Divisó la procesión que se acercaba y subió por la colina de la casa abandonada del zaguán, que después de tantos años se erigía desconchado, roído como su propia alma. Sintió en su pecho la misma humedad que había arrugado las paredes azules de ese fantasma de ladrillos. Para no derrumbarse, se clavó a él de un martillazo. Hoy que volvía a estar en ese pasillo desolado, recordaba que ahí los habían visto besarse una tarde de chicharras.

Ella, desde la urna, reconoció el arrastrar de sus pies. En su cuerpo muerto se avivó el alma. Su vientre y su herida ardieron.

Cuando los gemidos del cortejo estuvieron cerca, se dirigió hasta el borde de la colina, cerca del árbol que hacía frente a la callejuela del cementerio, y reconoció desde arriba las caras familiares y desamparadas. No encontró el rostro de ella y toda la condenación en fuga le cayó como una avalancha helada, que le hizo sangrar la herida, no aquella superficial y nimia de su pierna, sino una que tenía que ver con la raíz sombría de sí mismo.

La muerte de ella era un hecho que venía a partir las certidumbres de su ética, que no liberaba a los pobres como él había deseado y que lo enfrentaba con la propia devastación de su humanidad. Por primera vez quiso ser egoísta y reclamar al mundo la orfandad en la que vagaría su espíritu a partir de aquella ausencia.

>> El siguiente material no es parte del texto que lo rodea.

Definition is_involution (T : Type) (mul : T -> T -> T) (star : T -> T) : Prop :=
  (forall a, star (star a) = a) /\ (forall a b, star (mul a b) = mul (star b) (star a)).

Definition star_rep (C : numClosedFieldType) (T : Type) (p : nat)
  (star : T -> T) (pi : T -> 'M[C]_p) : Prop :=
  forall s, pi (star s) = adjmx (pi s).

Definition inverse_semigroup (T : Type) (mul : T -> T -> T) : Prop :=
  forall a, exists! b, mul (mul a b) a = a /\ mul (mul b a) b = b.

Definition complete_irr_set (gT : finGroupType) (C : fieldType) (r : nat)
  (d : 'I_r -> nat) (sig : forall i : 'I_r, mx_representation C [set: gT]%G (d i)) : Prop :=
  [/\ forall i, mx_irreducible (sig i),
      forall i j, i != j -> ~ mx_rsim (sig i) (sig j) &
      forall p (rho : mx_representation C [set: gT]%G p),
        mx_irreducible rho -> exists i, mx_rsim rho (sig i)].

Definition dsum_rep (gT : finGroupType) (C : fieldType) (r : nat)
  (d : 'I_r -> nat) (sig : forall i : 'I_r, mx_representation C [set: gT]%G (d i))
  (g : gT) : 'M[C]_(\sum_(i < r) d i) :=
  \mxdiag_(i < r) (sig i g).

From mathcomp Require Import all_boot all_order all_algebra all_fingroup all_solvable all_character.
From mathcomp Require Import zify.
Set Implicit Arguments. Unset Strict Implicit. Unset Printing Implicit Defensive.
Import GRing.Theory Num.Theory.
Local Open Scope ring_scope.

(* Since sigma contains every irreducible representation of G, one summand
   sigma_i0 is the trivial representation, and sigma is faithful (by Maschke's
   theorem every representation, in particular the regular one, is built from
   irreducible constituents).  The i0-component of a block sigma(x) of pi^l or
   pi^r is 1 or 0 according as x is nonzero, so reading semiunitarity of
   pi^l at (1)_{lj} on the trivial component counts the nonzero entries of row
   j of P: each row, and dually via pi^r each column, has exactly one nonzero
   entry.  A regular Rees matrix semigroup with this property is inverse,
   which gives (1).  For (2), comparing the blocks of pi^l(star s) and of the
   adjoint of pi^l(s), together with the unitarity of the nonzero blocks
   (invertible partial isometries) and faithfulness of sigma, shows that
   star s is the inverse of s. *)

Section Adjoint.
Variable C : numClosedFieldType.

Lemma adjmx0 p q : adjmx (0 : 'M[C]_(p, q)) = 0.
Proof. by apply/matrixP => k l; rewrite !mxE conjC0. Qed.

Lemma adjmxK p q (A : 'M[C]_(p, q)) : adjmx (adjmx A) = A.
Proof. by apply/matrixP => k l; rewrite !mxE conjCK. Qed.

Lemma adjmx_scalar p (c : C) : adjmx (c%:M : 'M[C]_p) = (c^*)%:M.
Proof.
apply/matrixP => k l; rewrite !mxE eq_sym.
by case: (k == l); rewrite ?mulr1n ?mulr0n ?conjC0.
Qed.
(* Let $S$ be an inverse semigroup and $\rho$ an idempotent separating congruence on $S$. Then there exist a group $G$ and an action of $T=S/\rho$ on $G$ by endomorphisms on the left such that the extension $(S,\rho)$ can be embedded into the $\lambda$-semidirect product extension $(G\rtimes_\lambda T,\vartheta_2)$, i.e. there is an injective homomorphism $\psi\colon S\to G\rtimes_\lambda T$ such that the congruence induced on $S$ by $\psi$ followed by the second projection $G\rtimes_\lambda T\to T$ is exactly $\rho$.
   Context: A congruence is idempotent separating if no two distinct idempotents are related. Let $K$ be a semigroup and $T$ an inverse semigroup; $T$ acts on $K$ if an antihomomorphism $t\mapsto\varepsilon_t$ from $T$ into the endomorphism monoid of $K$ is given (so $\varepsilon_u\varepsilon_t=\varepsilon_{tu}$); write ${}^t a$ for $a\varepsilon_t$. The $\lambda$-semidirect product $K\rtimes_\lambda T$ is the set $\{(a,t)\in K\times T: {}^{tt^{-1}}a=a\}$ with multiplication $(a,t)(b,u)=({}^{(tu)(tu)^{-1}}a\cdot {}^t b,\ tu)$, and $\vartheta_2$ is the congruence induced by the second projection $(a,t)\mapsto t$. *)

From Stdlib Require Import ClassicalEpsilon.
Set Implicit Arguments.

(* An inverse semigroup: a regular semigroup (with a chosen inverse x^-1,
   x x^-1 x = x, x^-1 x x^-1 = x^-1) whose idempotents commute.
   (Equivalently: every element has a unique inverse.) *)
Record InvSemigroup := {
  is_car :> Type;
  is_mul : is_car -> is_car -> is_car;
  is_inv : is_car -> is_car;
  is_assoc : forall x y z, is_mul x (is_mul y z) = is_mul (is_mul x y) z;
  is_inv_l : forall x, is_mul (is_mul x (is_inv x)) x = x;
  is_inv_r : forall x, is_mul (is_mul (is_inv x) x) (is_inv x) = is_inv x;
  is_idem_comm : forall e f, is_mul e e = e -> is_mul f f = f ->
                   is_mul e f = is_mul f e
}.

Record Group := {
  g_car :> Type;
  g_mul : g_car -> g_car -> g_car;
  g_one : g_car;
  g_inv : g_car -> g_car;
  g_assoc : forall x y z, g_mul x (g_mul y z) = g_mul (g_mul x y) z;
  g_one_l : forall x, g_mul g_one x = x;
  g_inv_l : forall x, g_mul (g_inv x) x = g_one
}.

Section Defs.
Variable S : InvSemigroup.
Local Notation "x * y" := (is_mul S x y).

Definition is_congruence (rho : S -> S -> Prop) : Prop :=
  (forall a, rho a a) /\
  (forall a b, rho a b -> rho b a) /\
  (forall a b c, rho a b -> rho b c -> rho a c) /\
  (forall a b c, rho a b -> rho (c * a) (c * b) /\ rho (a * c) (b * c)).

Definition idempotent (e : S) : Prop := e * e = e.

Definition idempotent_separating (rho : S -> S -> Prop) : Prop :=
  forall e f, idempotent e -> idempotent f -> rho e f -> e = f.

(* The quotient S / rho: the set of rho-classes, with the induced operations
   (computed on chosen representatives; well defined when rho is a congruence). *)
Definition quot (rho : S -> S -> Prop) : Type :=
  { A : S -> Prop | exists s, A = rho s }.

Definition qcls (rho : S -> S -> Prop) (s : S) : quot rho :=
  exist _ (rho s) (ex_intro _ s eq_refl).

Definition qrep (rho : S -> S -> Prop) (A : quot rho) : S :=
  proj1_sig (constructive_indefinite_description _ (proj2_sig A)).
Local Notation comp := (component e [set: T]).
Local Notation comps := (components e [set: T]).
Local Notation isolated := [set C in comps | #|C| == 1].

Lemma connect_adjT : connect (adjV e [set: T]) =2 connect e.
Proof. by apply: eq_connect => x y; rewrite /adjV !in_setT. Qed.

Lemma mem_component x y : (y \in comp x) = connect e x y.
Proof. by rewrite inE in_setT connect_adjT. Qed.

Lemma component_refl x : x \in comp x.
Proof. by rewrite mem_component connect0. Qed.

Lemma component_in_components x : comp x \in comps.
Proof. exact: imset_f. Qed.

Let connect_e_sym : connect_sym e.
Proof. exact: sym_connect_sym. Qed.

Lemma component_eq x y : y \in comp x -> comp y = comp x.
Proof.
rewrite mem_component => cxy; apply/setP => z.
by rewrite !mem_component (same_connect connect_e_sym cxy).
Qed.

Lemma componentsE C v : C \in comps -> v \in C -> C = comp v.
Proof. by case/imsetP => x _ -> /component_eq ->. Qed.

Lemma components_partition : partition comps [set: T].
Proof.
apply: equivalence_partitionP => x y z _ _ _; split; first exact: connect0.
by move=> cxy; rewrite (same_connect _ cxy) // => a b; rewrite !connect_adjT.
Qed.

Lemma components_closed C x y : C \in comps -> x \in C -> e x y -> y \in C.
Proof.
move=> /componentsE CE /[dup] /CE -> _ exy; rewrite !mem_component.
exact/connect1.
Qed.

Lemma components_gt1 C : C \in comps -> (1 < #|C|) = (#|C| != 1).
Proof.
case/imsetP => x _ ->.
have : 0 < #|comp x| by apply/card_gt0P; exists x; apply: component_refl.
by case: #|_| => [|[]].
Qed.

Lemma kappa_component C v w : C \in comps -> v \in C ->
  kappa e C v w = kappa e [set: T] v w.
Proof.
by move=> Ccomp; apply/kappa_closed => x y; apply: components_closed.
Qed.

Lemma kappa_other_component C v w : C \in comps -> v \in C -> w \notin C ->
  kappa e [set: T] v w = Some 0.
Proof.
move=> Ccomp vC wNC; apply: kappa_disconnected.
  by apply: contraNneq wNC => <-.
by rewrite connect_adjT -mem_component -(componentsE Ccomp vC).
Qed.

Buscó colocarse en lo alto de la masa. Saltó como sus grillos sin piernas hasta encaramarse en el tronco de mangos y besos, cuyas ramas aún hacían sombra. Ella, desde la urna, reconoció el arrastrar de sus pies. En su cuerpo muerto se avivó el alma. Su vientre y su herida ardieron. “¡Qué lástima, Juan!”, dijo tocándose la herida.

Desde el ramaje, Juan miró el horizonte rojo; esperó que, como un purgatorio en súplica, aquellas manos que alzaban a su amante estuvieran bajo sus pies. Lanzó un respiro final y cuando la cama póstuma estuvo bajo el árbol, su bolso parió decenas de cartas y recuerdos sin destino que, al leerse, habrían impedido aquella muerte, pero que en ese instante abaleaban la urna de su amante con proyectiles hechos de letras, nunca antes leídas. Ambos habían escrito aquel amor sobre el vacío de un túnel destinado a derrumbarse.